Meantime he was busy writing as well as quarrelling. The chief literary event of his life was his publication of a translation of Homer after five years of labour over it. No one in our days would ever think of attempting to translate Homer with the poor equipment Pope had for the task, for he did not even know Greek. But at that time accurate scholarship was not demanded of a translator, and if Pope's work has not accuracy it has other qualities which brought him great renown. From that day he was the leading poet of England, and with the profits he was able to buy his villa.
That villa became the court of King Alexander, as his admirers called him, and he gives a lively picture of the crowds of young authors who flocked thither to ask his patronage.
"What walls can guard me or what shades can hide?
They pierce my thickets, through my grot they glide,
By land, by water, they renew the charge;
They stop the chariot and they board the barge;
No place is sacred, not the church is free,
E'en Sunday shines no Sabbath day to me."
At Twickenham he lived with his aged mother to whom he was devoted, and his care of whom blots out the memory of his many ill-natured words. There he welcomed his friends. It could not be easy for his halting feet to keep up with the long strides of Swift as he paced the little lawns, but whenever the Dean came to England he delighted to visit Twickenham.
Another frequent visitor was stout, indolent, good-natured John Gay. Gay had begun life as a silk mercer, held some political posts, lost one fortune in the South Sea Bubble and made another. He had an immense admiration for Pope, and his good nature would no doubt be soothing to the peppery little poet. It is remarkable that many of the chief works of the early eighteenth century were inspired by a chance word of Swift, and he it was who suggested to Gay the works which have made him famous, The Beggar's Opera and Polly.
For many years Gay lived as an indulged member of the household of the Duke and Duchess of Queensberry. This Duchess, whose portrait is to be seen in the National Portrait Gallery, a beauty with hazel eyes and dark brown hair dressed as a milkmaid, was a famous person in her day. Her vagaries fill many pages in the letters and diaries of the period.

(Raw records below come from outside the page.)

Lemma gap_tail (delta tau : R) :
  0 < delta < 1 -> 0 <= tau -> Num.sqrt (m%:R) * tau <= 1/24 ->
  \sum_(x : {ffun 'I_m -> 'I_n} | ~~ (gap p x <= 3 * Num.sqrt (ln (2 / delta) / m%:R) - tau))
     wprod p x <= 10/11 * delta.
Proof.
move=> hd t0 hw; have /andP[d0 d1] := hd.
set c := 3 * Num.sqrt (ln (2 / delta) / m%:R).
(* Above the level 1/2 the event is empty, as gap <= 1/2. *)
case: (lerP (2^-1) (c - tau)) => hc.
  rewrite big_pred0; first by apply: mulr_ge0 => //; lra.
  by move=> x; apply/negbTE; rewrite negbK; apply: le_trans (gap_le_half m_gt0 p x) hc.
have mR : 0 < m%:R :> R by rewrite ltr0n.
set v := Num.sqrt (m%:R : R) in hw *.
have v0 : 0 < v by rewrite sqrtr_gt0.
have vv : v ^+ 2 = m%:R by rewrite sqr_sqrtr // ltW.
have L0 : 0 <= ln (2 / delta) by rewrite ln_ge0 // ler_pdivlMr // mul1r; lra.
have cv : c * v = 3 * Num.sqrt (ln (2 / delta)).
  by rewrite /c -mulrA -sqrtrM ?divr_ge0 ?ler0n // mulfVK // gt_eqF.
(* The level c - tau lies eps above the bound (2 v)^-1 on the mean. *)
set eps := c - tau - (2 * v)^-1.
have ev : v * eps = 3 * Num.sqrt (ln (2 / delta)) - v * tau - 1/2.
  by rewrite /eps !mulrBr [v * c]mulrC cv; field; rewrite gt_eqF.
have hw0 : 0 <= v * tau by apply: mulr_ge0 => //; apply: ltW.
have eps0 : 0 <= eps by rewrite -(pmulr_rge0 _ v0) ev; have := sqrt_log_ge hd; lra.
have eps01 : 0 <= eps <= 1/2.
  have : 0 <= (2 * v)^-1 by rewrite invr_ge0 mulr_ge0 // ltW.
  by rewrite eps0 /eps; lra.
have hmean : expect p (gap (m := m) p) + eps <= c - tau.
  by have := mean_gap_le m_gt0 p_ge0 p_sum1; rewrite -/v /eps; lra.
have c00 : 0 <= 3 / (2 * m%:R) :> R by rewrite divr_ge0 // mulr_ge0 // ltW.
have [s0 sc ex] := chernoff_choice mR vv eps01.
apply: le_trans (mcdiarmid_tail p_ge0 p_sum1 s0 c00 sc (gap_bounded_diff m_gt0 p) hmean) _.
by rewrite -expRD ex ev; apply: tail_exponent => //; lra.
Qed.

End GapTail.

Section CountableSums.
Variable R : realType.

Lemma esum_ge_fin (T : choiceType) (F : finType) (e : F -> T) (I : set T)
    (a : T -> R) (A : pred F) :
  injective e -> (forall y, A y -> I (e y)) ->
  ((\sum_(y | A y) a (e y))%:E <= \esum_(i in I) (a i)%:E)%E.
Proof.
move=> einj hI; apply: esum_ge.
exists [set` [seq e y | y <- enum A]].
  split; first exact: finite_seq.
  by move=> t /= /mapP [y]; rewrite mem_enum => /hI hy ->.
rewrite -fsbig_seq; last by rewrite map_inj_uniq // enum_uniq.
by rewrite big_map big_enum sumEFin.
Qed.

Definition head_mass (mu : nat -> R) (N : nat) : R := \sum_(i < N) mu i.

Lemma head_mass_close (mu : nat -> R) (eta : R) :
  (forall i, 0 <= mu i) -> (\esum_(i in [set: nat]) (mu i)%:E = 1)%E -> 0 < eta ->
  exists N, 1 - eta <= head_mass mu N <= 1.
Proof.
move=> mu0 h1 heta.
have : ((1 - eta)%:E < \esum_(i in [set: nat]) (mu i)%:E)%E by rewrite h1 lte_fin; lra.
move=> /ereal_sup_gt [_ [X [finX _] <-]] hX.
pose F := fset_set X.
pose N := (\max_(k <- F) k)%N.+1.
exists N; apply/andP; split.
  rewrite -lee_fin; apply: (le_trans (ltW hX)); rewrite fsbig_finite //.
  apply: (le_trans (lee_sum_fset_nat F N xpredT _ _)) => //.
  - by move=> i _; rewrite lee_fin.
  - move=> k /= kF; rewrite /N big_seq_fsetE /=.
    by rewrite -[k]/(val [`kF]%fset) ltnS leq_bigmax.
  by rewrite big_mkord sumEFin.
rewrite -lee_fin -h1.
exact: (@esum_ge_fin _ _ (fun i : 'I_N => val i) [set: nat] mu xpredT val_inj).
Qed.

Lemma good_truncation (mu : nat -> R) m (delta : R) :
  (0 < m)%N -> 0 < delta < 1 -> (forall i, 0 <= mu i) ->
  (\esum_(i in [set: nat]) (mu i)%:E = 1)%E ->
  exists N, [/\ 0 < head_mass mu N, head_mass mu N <= 1 &
              m%:R * (1 - head_mass mu N) <= delta / 12].
Proof.
move=> m_gt0 /andP[d0 d1] mu_ge0 mu_sum1.
have mR : 0 < m%:R :> R by rewrite ltr0n.
have m1 : 1 <= m%:R :> R by rewrite ler1n.
have eta0 : 0 < delta / (12 * m%:R) by rewrite divr_gt0 // mulr_gt0.
have [N /andP[M_ge M_le1]] := head_mass_close mu_ge0 mu_sum1 eta0.
have mM : m%:R * (1 - head_mass mu N) <= delta / 12.
  have -> : delta / 12 = m%:R * (delta / (12 * m%:R)) by field; rewrite gt_eqF.
  by apply: ler_wpM2l; [apply: ltW | lra].
by exists N; split => //; nra.
Qed.

End CountableSums.

Section TruncatedLaw.
Variable R : realType.
Variable mu : nat -> R.
Hypothesis mu_ge0 : forall i, 0 <= mu i.
Variable N : nat.
Hypothesis mass_gt0 : 0 < head_mass mu N.
Hypothesis mass_le1 : head_mass mu N <= 1.

Local Notation M := (head_mass mu N).

Definition trunc_law (i : 'I_N) : R := mu (val i) / M.

Lemma trunc_law_ge0 i : 0 <= trunc_law i.
Proof. by rewrite divr_ge0 // ltW. Qed.

Lemma trunc_law_sum1 : \sum_i trunc_law i = 1.
Proof. by rewrite -mulr_suml mulfV // gt_eqF. Qed.

Lemma tv_dist_trunc m (x : {ffun 'I_m -> 'I_N}) :
  ((tv_fin trunc_law x - (1 - M) / 2)%:E <= tv_dist (emp (to_nat x)) mu)%E.
Proof.
have h1 := @esum_ge_fin R _ _ (fun i : 'I_N => val i) [set: nat]
   (fun i => `|emp (to_nat x) i - mu i|) xpredT val_inj (fun _ _ => I).
apply: le_trans (lee_wpmul2l _ h1); last by rewrite lee_fin.
rewrite -EFinM lee_fin /tv_fin.
have trunc_ge i : mu (val i) <= trunc_law i by rewrite /trunc_law ler_pdivlMr // ler_piMr.
have hs : \sum_(i : 'I_N) (trunc_law i - mu (val i)) = 1 - M by rewrite sumrB trunc_law_sum1.
apply: (le_trans (y := 2^-1 * \sum_(i : 'I_N)
     (`|emp (to_nat x) (val i) - mu (val i)| + (trunc_law i - mu (val i))) - (1 - M) / 2)).
  rewrite lerD2r; apply: ler_wpM2l => //; apply: ler_sum => i _.
  have -> : emp (to_nat x) (val i) - trunc_law i =
    (emp (to_nat x) (val i) - mu (val i)) + (mu (val i) - trunc_law i) by ring.
  apply: (le_trans (ler_normD _ _)); rewrite lerD2l ler0_norm ?opprB //.
  by have := trunc_ge i; lra.
by rewrite big_split /= hs; lra.
Qed.

Lemma small_gap_good m c (x : {ffun 'I_m -> 'I_N}) :
  gap trunc_law x <= c - (1 - M) / 2 ->
  ((2^-1 * emp_rademacher (to_nat x) - c)%:E <= tv_dist (emp (to_nat x)) mu)%E.
Proof.
move=> hx; apply: le_trans (tv_dist_trunc x).
by rewrite lee_fin; move: hx; rewrite /gap /rad; lra.
Qed.

Lemma mass_trunc m (P : pred {ffun 'I_m -> 'I_N}) :
  \sum_(x | P x) \prod_(t < m) mu (to_nat x t) =
  M ^+ m * (1 - \sum_(x | ~~ P x) wprod trunc_law x).
Proof.
rewrite -[X in _ * (X - _)](sum_wprod trunc_law_sum1 m) [X in _ * (X - _)](bigID P) /=.
rewrite addrK mulr_sumr.
have -> : M ^+ m = \prod_(t < m) M by rewrite prodr_const card_ord.
apply: eq_bigr => x _; rewrite /wprod -big_split /=.
by apply: eq_bigr => t _; rewrite /to_nat ffunE /trunc_law mulrC mulfVK // gt_eqF.
Qed.

End TruncatedLaw.
Arguments trunc_law {R} mu N.

Theorem lemma3 (R : realType) (m : nat) (delta : R) (mu : nat -> R) :
  (0 < m)%N -> 0 < delta < 1 -> is_distrN mu ->
  (prob_prod mu
     [set x : {ffun 'I_m -> nat} |
        (tv_dist (emp x) mu >=
         ((2 : R)^-1 * emp_rademacher x
          - 3 * Num.sqrt (ln (2 / delta) / m%:R))%:E)%E]
   >= (1 - delta)%:E)%E.
Proof.
move=> m_gt0 hd [mu_ge0 _ mu_sum1]; have /andP[d0 d1] := hd.
have [N [M_gt0 M_le1 mM]] := good_truncation m_gt0 hd mu_ge0 mu_sum1.
set M := head_mass mu N in M_gt0 M_le1 mM.
set tau := (1 - M) / 2; set c := 3 * Num.sqrt (ln (2 / delta) / m%:R).
have tau0 : 0 <= tau by rewrite /tau; lra.
have small_tau : Num.sqrt m%:R * tau <= 1/24.
  apply: (le_trans (ler_wpM2r tau0 (sqrt_le_self _))); first by rewrite ler1n.
  by rewrite /tau; lra.
(* Restrict the mu^m-mass to the good samples of the truncated law. *)
set Ev := [set x : {ffun 'I_m -> nat} | _].
apply: (le_trans _ (esum_ge_fin (I := Ev) (fun x => \prod_(t < m) mu (x t))
  (@to_nat_inj N m) (small_gap_good (c := c) mu_ge0 M_gt0 M_le1))).
rewrite lee_fin mass_trunc // -/M.
(* M^m >= 1 - m (1 - M) >= 1 - delta/12, and the tail is at most 10/11 delta. *)
apply: loss_budget => //.
  by apply: le_trans (bernoulli_ineq m (ltW M_gt0)); lra.
have tail := gap_tail m_gt0 (trunc_law_ge0 mu_ge0 M_gt0) (trunc_law_sum1 M_gt0) hd tau0 small_tau.
by rewrite -/c in tail.
Qed.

She was a rebel against the fashions of her time, refusing to "cut and curl her hair like a sheep's head", and once scandalizing the town by appearing at court in a dress of red flannel. When she was eighteen, Matthew Prior sang the praises of Kitty, "beautiful and wild as a colt untamed"; for years she carried on a gay correspondence with Swift, who told Pope that her letters "made up a great part of the little happiness I could have here"; when she was over seventy Horace Walpole declared,
"To many a Kitty,
Love his car
Will for a day engage,
But Prior's Kitty, ever fair,
Obtained it for an age."
Another frequent visitor at the villa at Twickenham was the Rev. Joseph Spence, Professor of Poetry at Oxford, who loved the society of great men, and was untiring in putting down on paper his recollections of them. To him we owe many reminiscences of Pope.
He was with him through the spring days of 1744, when the frail strength of the poet was ebbing. He recalled that one day when the doctor gave an encouraging report, Pope smilingly remarked that he "was dying of a hundred good symptoms". We see in Spence's pages the men and women who came and went, Bolingbroke the statesman, and blue-eyed Patty Blount who cheered him most of all. He died on the 30th of May, forgetting in these last days his quarrels and his fame, but rejoicing in the beauty and fragrance of spring blossom in his garden.